=== Records for the exercise ===

(* Let $M$ be an $\mathcal L$-atomic module and let $\mathcal L'=\bigcup_{i\in I}\mathcal L_i$ be a class of modules with $\mathcal L'\subseteq\langle\mathcal L\rangle$. If $M$ is strict $\mathcal L_i$-atomic for every $i\in I$, then $M$ is strict $\mathcal L'$-atomic.
   Context: $R$ is an associative ring with $1$; ''module'' means left $R$-module; $\mathcal L$ and all other classes are nonempty classes of modules. A pp (positive primitive) formula $\phi(\bar x)$ is an existentially quantified finite system of $R$-linear equations; $\phi(M)$ denotes the set of tuples of $M$ satisfying it. For a class $\mathcal L$ and pp formulas $\phi,\psi$ in the same free variables, $\phi\le_{\mathcal L}\psi$ means $\phi(L)\subseteq\psi(L)$ for all $L\in\mathcal L$. ${\rm pp}_M(\bar m)$ is the set of pp formulas satisfied by the tuple $\bar m$ in $M$. $\langle\mathcal L\rangle$ denotes the definable subcategory generated by $\mathcal L$, i.e. the class of all modules $N$ with $\phi(N)\subseteq\psi(N)$ whenever $\phi\le_{\mathcal L}\psi$. A module $M$ is $\mathcal L$-atomic if for every finite tuple $\bar m$ in $M$ there is $\phi\in{\rm pp}_M(\bar m)$ with $\phi\le_{\mathcal L}\psi$ for all $\psi\in{\rm pp}_M(\bar m)$. A pointed module $(M,\bar m)$ is an $\mathcal L$-free realization of a pp formula $\phi$ if $\bar m\in\phi(M)$ and for every $L\in\mathcal L$ and every $\bar c\in\phi(L)$ there is a homomorphism $M\to L$ sending $\bar m$ to $\bar c$ ($M$ need not be in $\mathcal L$). $M$ is strict $\mathcal L$-atomic if every finite tuple in $M$ is an $\mathcal L$-free realization of some pp formula. *)

From HB Require Import structures.
From mathcomp Require Import all_boot all_algebra.
Set Implicit Arguments. Unset Strict Implicit. Unset Printing Implicit Defensive.
Import GRing.Theory.
Local Open Scope ring_scope.

Section PP.
Variable R : pzRingType.

(* A pp formula in n free variables: exists k bound variables such that
   the system of m R-linear equations with coefficient matrix A
   (columns = n free variables followed by k bound variables) holds. *)
Record ppf (n : nat) := PPF {
  pp_k : nat;
  pp_m : nat;
  pp_A : 'M[R]_(pp_m, n + pp_k)
}.

Definition catv (M : lmodType R) n k (x : 'I_n -> M) (y : 'I_k -> M)
  (j : 'I_(n + k)) : M :=
  match split j with inl a => x a | inr b => y b end.

Definition pp_sat n (phi : ppf n) (M : lmodType R) (x : 'I_n -> M) : Prop :=
  exists y : 'I_(pp_k phi) -> M,
    forall i : 'I_(pp_m phi),
      \sum_(j < n + pp_k phi) pp_A phi i j *: catv x y j = 0.

Definition mclass := lmodType R -> Prop.

Definition pp_le (L : mclass) n (phi psi : ppf n) : Prop :=
  forall N : lmodType R, L N -> forall x : 'I_n -> N, pp_sat phi x -> pp_sat psi x.

Definition defsub (L : mclass) : mclass := fun N =>
  forall n (phi psi : ppf n), pp_le L phi psi ->
    forall x : 'I_n -> N, pp_sat phi x -> pp_sat psi x.

Definition atomic (L : mclass) (M : lmodType R) : Prop :=
  forall n (m : 'I_n -> M), exists phi : ppf n,
    pp_sat phi m /\ forall psi : ppf n, pp_sat psi m -> pp_le L phi psi.

Definition free_real (L : mclass) n (phi : ppf n) (M : lmodType R)
  (m : 'I_n -> M) : Prop :=
  pp_sat phi m /\
  forall N : lmodType R, L N -> forall c : 'I_n -> N, pp_sat phi c ->
    exists f : {linear M -> N}, forall i, f (m i) = c i.

Definition strict_atomic (L : mclass) (M : lmodType R) : Prop :=
  forall n (m : 'I_n -> M), exists phi : ppf n, free_real L phi m.

End PP.

From mathcomp Require Import all_boot all_algebra.

(* Fix a tuple m of M.  Since M is L-atomic, m satisfies a pp formula phi
   that L-implies every pp formula satisfied by m.  For each index i, m is
   an L_i-free realization of some psi_i; as m satisfies psi_i we get
   phi <=_L psi_i, hence phi <=_{L_i} psi_i because L_i lies inside the
   definable subcategory <L>.  An L_i-free realization of a formula is also
   an L_i-free realization of any formula it satisfies that L_i-implies
   it, so m is an L_i-free realization of phi for every i; and being a free
   realization for each L_i is the same as being one for their union. *)

Section FreeRealizations.
Variable R : pzRingType.

Lemma pp_le_defsub (L L' : mclass R) (n : nat) (phi psi : ppf R n) :
  (forall N, L' N -> defsub L N) -> pp_le L phi psi -> pp_le L' phi psi.
Proof. by move=> sub_L'L le_phi_psi N /sub_L'L; apply. Qed.

Lemma free_real_weaken (L' : mclass R) (n : nat) (phi psi : ppf R n)
    (M : lmodType R) (m : 'I_n -> M) :
  free_real L' psi m -> pp_sat phi m -> pp_le L' phi psi ->
  free_real L' phi m.
Proof.
move=> [_ free_psi] sat_phi le_phi_psi; split=> // N L'N c sat_c.
exact: free_psi N L'N c (le_phi_psi N L'N c sat_c).
Qed.

Lemma free_real_union (I : Type) (Ls : I -> mclass R) (n : nat)
    (phi : ppf R n) (M : lmodType R) (m : 'I_n -> M) :
  pp_sat phi m -> (forall i, free_real (Ls i) phi m) ->
  free_real (fun N => exists i, Ls i N) phi m.
Proof.
move=> sat_phi free_i; split=> // N [i LiN] c sat_c.
exact: (free_i i).2 N LiN c sat_c.
Qed.

End FreeRealizations.

Theorem lemma2p2 (R : pzRingType) (L : mclass R) (I : Type)
  (Ls : I -> mclass R) (M : lmodType R) :
  (exists N, L N) ->
  (forall i, exists N, Ls i N) ->
  atomic L M ->
  (forall N, (exists i, Ls i N) -> defsub L N) ->
  (forall i, strict_atomic (Ls i) M) ->
  strict_atomic (fun N => exists i, Ls i N) M.
Proof.
move=> _ _ atomic_M union_in_defsub strict_i n m.
have [phi [sat_phi phi_min]] := atomic_M n m.
exists phi; apply: free_real_union => // i.
have [psi free_psi] := strict_i i n m.
have Li_in_defsub N : Ls i N -> defsub L N.
  by move=> LiN; apply: union_in_defsub; exists i.
have le_phi_psi : pp_le (Ls i) phi psi.
  exact: pp_le_defsub Li_in_defsub (phi_min psi free_psi.1).
exact: free_real_weaken free_psi sat_phi le_phi_psi.
Qed.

===

■ Aim of the task:
Copy range, inclusive: the line holding "Definition mclass := lmodType R -> Prop." to the line holding "Proof. by move=>". Reproduce exactly those lines of the records above and no others.

■ Exercise solution:
Definition mclass := lmodType R -> Prop.

Definition pp_le (L : mclass) n (phi psi : ppf n) : Prop :=
  forall N : lmodType R, L N -> forall x : 'I_n -> N, pp_sat phi x -> pp_sat psi x.

Definition defsub (L : mclass) : mclass := fun N =>
  forall n (phi psi : ppf n), pp_le L phi psi ->
    forall x : 'I_n -> N, pp_sat phi x -> pp_sat psi x.

Definition atomic (L : mclass) (M : lmodType R) : Prop :=
  forall n (m : 'I_n -> M), exists phi : ppf n,
    pp_sat phi m /\ forall psi : ppf n, pp_sat psi m -> pp_le L phi psi.

Definition free_real (L : mclass) n (phi : ppf n) (M : lmodType R)
  (m : 'I_n -> M) : Prop :=
  pp_sat phi m /\
  forall N : lmodType R, L N -> forall c : 'I_n -> N, pp_sat phi c ->
    exists f : {linear M -> N}, forall i, f (m i) = c i.

Definition strict_atomic (L : mclass) (M : lmodType R) : Prop :=
  forall n (m : 'I_n -> M), exists phi : ppf n, free_real L phi m.

End PP.

From mathcomp Require Import all_boot all_algebra.

(* Fix a tuple m of M.  Since M is L-atomic, m satisfies a pp formula phi
   that L-implies every pp formula satisfied by m.  For each index i, m is
   an L_i-free realization of some psi_i; as m satisfies psi_i we get
   phi <=_L psi_i, hence phi <=_{L_i} psi_i because L_i lies inside the
   definable subcategory <L>.  An L_i-free realization of a formula is also
   an L_i-free realization of any formula it satisfies that L_i-implies
   it, so m is an L_i-free realization of phi for every i; and being a free
   realization for each L_i is the same as being one for their union. *)

Section FreeRealizations.
Variable R : pzRingType.

Lemma pp_le_defsub (L L' : mclass R) (n : nat) (phi psi : ppf R n) :
  (forall N, L' N -> defsub L N) -> pp_le L phi psi -> pp_le L' phi psi.
Proof. by move=> sub_L'L le_phi_psi N /sub_L'L; apply. Qed.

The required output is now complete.